D. Diamantino Antunes, Bispo de Tete, embora ausente do país por motivos de saúde, está também a acompanhar a par e passo a evolução do ciclone, até porque a sua diocese também foi atingida. Ao telefone, explicou à Fundação AIS que, no entanto, que “o mais dramático” ocorreu em Quelimane, na província da Zambézia. Apesar da dificuldade das ligações telefónicas, conseguiu falar com D Hilário na manhã de ontem, terça-feira.

“Ele disse-me que a destruição na cidade de Quelimane é muito grande. A residência episcopal ficou sem tecto”, relatou à Fundação AIS, acrescentando que as populações locais estavam a viver uma situação muito delicada. “Há falta de comida e de água potável, para além da escassez de abrigos, na sequência da destruição de casas ou de tectos. Permaneçamos unidos com os nossos irmãos da Zambézia, sem excluirmos a possibilidade de levar-lhes algum apoio material”, acrescentou D. Diamantino Antunes.

Um país de rastos

A passagem por Moçambique de fenómenos meteorológicos extremos, que ocorriam normalmente com seis ou sete anos de intervalo, são agora cada vez mais frequentes dadas as mudanças climáticas que se estão a verificar um pouco por todo o planeta. Em Moçambique, estas ocorrências vêm acentuar ainda mais a já profunda pobreza em que se encontra o país. “Uma tempestade tropical como esta e sobretudo as enxurradas, coloca o país de rastos”, explicou D. Diamantino. “São as infraestruturas, pontes, estradas cortadas, o sistema da rede eléctrica e telefónica é muito frágil, não aguentam, e depois não há alternativas, porque as estradas são aquelas e o país fica dividido em dois, basta uma ponte desabar numa estrada nacional que liga o sul ao norte, para o país ficar partido em dois.”

A chaga do terrorismo

De facto, para um país tão pobre como Moçambique, e também assolado pela violência do terrorismo, especialmente na região norte, na província de Cabo Delgado, a frequência com que estão a verificar-se estes fenómenos climatéricos extremos é muito preocupante. Ainda em Janeiro do ano passado, a tempestade tropical Ana atingiu o centro e norte de Moçambique causando cerca de duas dezenas de mortos e afectando milhares de pessoas.

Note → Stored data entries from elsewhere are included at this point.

Theorem proposition10 (lam : nat -> R) (I : nat -> nat -> bool) (C p q : R)
  (lam_nonneg : forall m, 0 <= lam m)
  (lam_noninc : forall m, lam (S m) <= lam m)
  (lam_to0 : Un_cv lam 0)
  (lam2_pos : 0 < lam 1%nat)
  (I1 : I 1%nat 0%nat = true)
  (I_nonempty : forall d, (1 <= d)%nat -> exists i, (i < d)%nat /\ I d i = true)
  (init_pos : forall d, (1 <= d)%nat -> 0 < init_sq lam I d)
  (HC : 0 < C) (Hp : 0 < p) (Hq : 0 <= q)
  (HPT : poly_tractable_with lam I C p q) :
  (forall tau, p / 2 < tau -> exists l, infinite_sum (fun m => rpow0 (lam m) tau) l)
  /\ (forall cs : list R, (forall n : nat, (1 <= n)%nat -> 0 < poly_eval cs (INR n)) ->
        Un_cv (fun d => init_sq lam I d * poly_eval cs (INR d)) 0)
  /\ (exists K : R, exists d0 : nat, forall d, (d0 <= d)%nat ->
        INR (b_card I d) <= K * ln (INR d))
  /\ Un_cv (fun d => INR (a_card I d) / INR d) 1
  /\ (strongly_poly_tractable lam I -> exists K : nat, forall d, (b_card I d <= K)%nat).
Proof.
  assert (lam21 : lam 1%nat <= lam 0%nat) by apply lam_noninc.
  assert (lam1_pos : 0 < lam 0%nat) by lra.
  destruct (b_card_log_bound lam I C p q lam_nonneg lam2_pos lam21 init_pos HC HPT)
    as (c0 & c1 & Hc1 & Hb).
  assert (HK : 0 <= c1 * q) by (apply Rmult_le_pos; auto).
  split; [|split; [|split; [|split]]].
  - exact (eigenvalues_summable lam I C p q lam_nonneg lam_noninc lam1_pos I1 HC Hp HPT).
  - exact (init_superpoly_decay lam I c0 (c1 * q) HK Hb lam_nonneg lam_noninc lam_to0 init_pos).
  - exact (O_ln_of_affine_ln_bound (fun d => INR (b_card I d)) c0 (c1 * q) HK Hb).
  - exact (a_card_ratio_cv I c0 (c1 * q) HK Hb).
  - exact (b_card_bounded lam I lam_nonneg lam2_pos lam21 init_pos).
Qed.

Há dois anos, foi a vez do ciclone Eloise e anteriormente, entre 2018 e 2019, dois poderosos ciclones, Idaí e Kenneth, deixaram também profundos rastos de morte e destruição. A tudo isto, soma-se a tragédia do terrorismo que tem afectado essencialmente o norte do Moçambique, onde grupos armados, que reivindicam pertencer aos jihadistas do ‘Estado Islâmico’, têm lançado, desde Outubro de 2017, sistemáticos ataques que já provocaram cerca de 4 mil mortos e quase 1 milhão de deslocados internos.

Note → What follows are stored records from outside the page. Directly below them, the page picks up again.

(* Let $\mathbf{k}$ be a field, $n\ge 1$, $N\ge 2$, and let $P_1,\dots,P_N\in\mathbf{k}^n$ be pairwise distinct points. In the point trie $T$ of the ordered list $[P_1,\dots,P_N]$, let $h\in\{1,\dots,n\}$ be the smallest level such that the node $v$ at level $h$ whose label contains $N$ has label exactly $\{N\}$. Then the parent of $v$ has at least one child other than $v$; let $w$ be the child of the parent of $v$ lying immediately to the left of $v$ (in the left-to-right order of children), and let $i_1$ be the smallest element of the label of $w$. Then: (1) $h$ equals the $\sigma$-value $\sigma(P_N,\{P_1,\dots,P_{N-1}\})$; (2) $P_{i_1}$ is the $\sigma$-antecedent of $P_N$, i.e. $i_1$ is the maximal index $m\in\{1,\dots,N-1\}$ such that $\pi_{h-1}(P_m)=\pi_{h-1}(P_N)$ and the exponents of $x_{h+1},\dots,x_n$ in the term $\Phi(P_m)$ are all zero, where $\Phi$ is the Cerlienco–Mureddu correspondence of $[P_1,\dots,P_{N-1}]$.
   Context: Write $P_i=(a_{1,i},\dots,a_{n,i})$. For $0\le m\le n$, $\pi_m:\mathbf{k}^n\to\mathbf{k}^m$ is the projection onto the first $m$ coordinates ($\pi_0$ maps everything to the empty tuple), and for terms $\pi^m(x_1^{\gamma_1}\cdots x_n^{\gamma_n})$ denotes the exponent tuple $(\gamma_m,\dots,\gamma_n)$. Terms are monomials in $\mathbf{k}[x_1,\dots,x_n]$, ordered lexicographically with $x_1<\dots<x_n$. Point trie of an ordered list $[P_1,\dots,P_N]$ of distinct points: a rooted tree with levels $0,\dots,n$. For each $j$ and each value $c\in\pi_j(\{P_1,\dots,P_N\})$ there is exactly one node at level $j$, whose label is the set $\{i:\pi_j(P_i)=c\}$ (so the root has label $\{1,\dots,N\}$ and each leaf has a singleton label). A node at level $j\ge1$ with value $c$ is a child of the node at level $j-1$ with value obtained by dropping the last coordinate of $c$, and the edge between them is labelled by that last coordinate. The children of each node are ordered from left to right by increasing smallest element of their labels (equivalently, in the order in which they are created when the points are inserted one by one in the order $P_1,P_2,\dots$). $\sigma$-value: for a finite set $\mathbf{X}$ of points and $P\notin\mathbf{X}$, $\sigma(P,\mathbf{X})$ is the maximal $s\in\{1,\dots,n\}$ such that some $Q\in\mathbf{X}$ satisfies $\pi_{s-1}(Q)=\pi_{s-1}(P)$. Cerlienco–Mureddu correspondence $\Phi$ of an ordered list $[P_1,\dots,P_M]$ of distinct points of $\mathbf{k}^n$ (defined recursively on $M$ and on $n$; write $\Phi(P_i)=x_1^{\alpha^{(i)}_1}\cdots x_n^{\alpha^{(i)}_n}$): $\Phi(P_1)=1$. For $M>1$, assuming $\alpha^{(1)},\dots,\alpha^{(M-1)}$ known (these are the values of the correspondence of $[P_1,\dots,P_{M-1}]$), let $s=\sigma(P_M,\{P_1,\dots,P_{M-1}\})$; let the $\sigma$-antecedent $P_l$ be the point with maximal index $l\le M-1$ such that $\pi_{s-1}(P_l)=\pi_{s-1}(P_M)$ and $\alpha^{(l)}_{s+1}=\dots=\alpha^{(l)}_n=0$. Set $\alpha^{(M)}_j=0$ for $j>s$ and $\alpha^{(M)}_s=\alpha^{(l)}_s+1$. Then let $Y$ be the ordered list (in the order of indices) of the projections $\pi_{s-1}(P_i)$ of the points $P_i$, $1\le i\le M$, with $(\alpha^{(i)}_s,\dots,\alpha^{(i)}_n)=(\alpha^{(M)}_s,0,\dots,0)$; apply the Cerlienco–Mureddu correspondence in $\mathbf{k}^{s-1}$ to $Y$ and set $(\alpha^{(M)}_1,\dots,\alpha^{(M)}_{s-1})$ equal to the exponent vector of its value at $\pi_{s-1}(P_M)$. The image of $\Phi$ is the lexicographic Gröbner escalier of the vanishing ideal of the points. *)

From HB Require Import structures.
From mathcomp Require Import all_boot all_algebra.
Set Implicit Arguments. Unset Strict Implicit. Unset Printing Implicit Defensive.

(* Points of k^n are n-tuples; pi_j(Q) = take j Q (first j coordinates).
   Points are indexed 1..N by a function P : nat -> n.-tuple K
   (values outside 1..N are irrelevant). *)

Section Defs.
Variable K : eqType.

(* A node of the trie is a pair (level j, value c) with c in pi_j({P_1..P_N}). *)
Definition trie_node (n N : nat) (P : nat -> n.-tuple K) (x : nat * seq K) : bool :=
  (x.1 <= n) && (x.2 \in [seq take x.1 (tval (P i)) | i <- iota 1 N]).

Toda esta situação tornou Moçambique num país prioritário para a Fundação AIS no continente africano, especialmente no que diz respeito ao apoio às vítimas do terrorismo. A ajuda da Fundação AIS tem-se materializado nomeadamente em projectos de assistência pastoral e apoio psicossocial, mas também no fornecimento de materiais para a construção de dezenas de casas, centros comunitários e ainda a aquisição de veículos para os missionários que trabalham junto dos centros de reassentamento que abrigam as famílias fugidas da guerra.